• [Work request] Your reply should hold exactly the lines from the one that contains "have := max_poly_roots" through the end of the data. Repeat them word for word.

**********

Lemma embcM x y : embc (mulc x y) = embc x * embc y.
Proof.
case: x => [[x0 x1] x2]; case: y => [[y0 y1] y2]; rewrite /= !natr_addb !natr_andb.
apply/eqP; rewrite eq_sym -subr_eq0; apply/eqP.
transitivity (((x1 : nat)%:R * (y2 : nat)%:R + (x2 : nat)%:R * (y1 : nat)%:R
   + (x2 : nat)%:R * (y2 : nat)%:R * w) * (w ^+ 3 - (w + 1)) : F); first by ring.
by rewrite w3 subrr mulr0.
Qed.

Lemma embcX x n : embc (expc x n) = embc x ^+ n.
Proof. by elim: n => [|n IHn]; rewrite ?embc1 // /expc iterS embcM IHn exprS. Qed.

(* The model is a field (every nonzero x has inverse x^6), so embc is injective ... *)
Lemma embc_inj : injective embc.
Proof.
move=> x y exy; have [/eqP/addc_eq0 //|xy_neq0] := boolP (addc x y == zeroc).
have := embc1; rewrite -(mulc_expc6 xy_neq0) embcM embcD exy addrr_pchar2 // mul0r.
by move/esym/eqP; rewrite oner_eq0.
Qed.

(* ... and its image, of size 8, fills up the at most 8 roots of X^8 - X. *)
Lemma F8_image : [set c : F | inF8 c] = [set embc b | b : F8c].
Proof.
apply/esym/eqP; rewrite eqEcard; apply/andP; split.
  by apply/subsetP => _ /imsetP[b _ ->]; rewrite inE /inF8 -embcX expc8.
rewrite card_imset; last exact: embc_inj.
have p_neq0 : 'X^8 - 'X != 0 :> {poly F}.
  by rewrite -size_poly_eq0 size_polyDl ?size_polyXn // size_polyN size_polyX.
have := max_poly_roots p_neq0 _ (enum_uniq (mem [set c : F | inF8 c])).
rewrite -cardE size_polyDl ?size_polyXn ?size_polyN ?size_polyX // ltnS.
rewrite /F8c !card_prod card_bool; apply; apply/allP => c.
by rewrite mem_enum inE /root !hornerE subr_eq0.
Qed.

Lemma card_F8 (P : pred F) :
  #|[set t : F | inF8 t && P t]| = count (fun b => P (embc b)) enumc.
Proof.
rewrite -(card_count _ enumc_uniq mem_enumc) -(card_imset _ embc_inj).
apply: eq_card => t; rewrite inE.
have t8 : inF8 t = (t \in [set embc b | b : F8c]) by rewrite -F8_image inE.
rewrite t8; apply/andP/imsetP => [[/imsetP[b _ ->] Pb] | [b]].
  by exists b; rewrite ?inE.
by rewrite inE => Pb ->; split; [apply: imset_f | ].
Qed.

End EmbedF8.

**********

• [Your solution]
have := max_poly_roots p_neq0 _ (enum_uniq (mem [set c : F | inF8 c])).
rewrite -cardE size_polyDl ?size_polyXn ?size_polyN ?size_polyX // ltnS.
rewrite /F8c !card_prod card_bool; apply; apply/allP => c.
by rewrite mem_enum inE /root !hornerE subr_eq0.
Qed.

Lemma card_F8 (P : pred F) :
  #|[set t : F | inF8 t && P t]| = count (fun b => P (embc b)) enumc.
Proof.
rewrite -(card_count _ enumc_uniq mem_enumc) -(card_imset _ embc_inj).
apply: eq_card => t; rewrite inE.
have t8 : inF8 t = (t \in [set embc b | b : F8c]) by rewrite -F8_image inE.
rewrite t8; apply/andP/imsetP => [[/imsetP[b _ ->] Pb] | [b]].
  by exists b; rewrite ?inE.
by rewrite inE => Pb ->; split; [apply: imset_f | ].
Qed.

End EmbedF8.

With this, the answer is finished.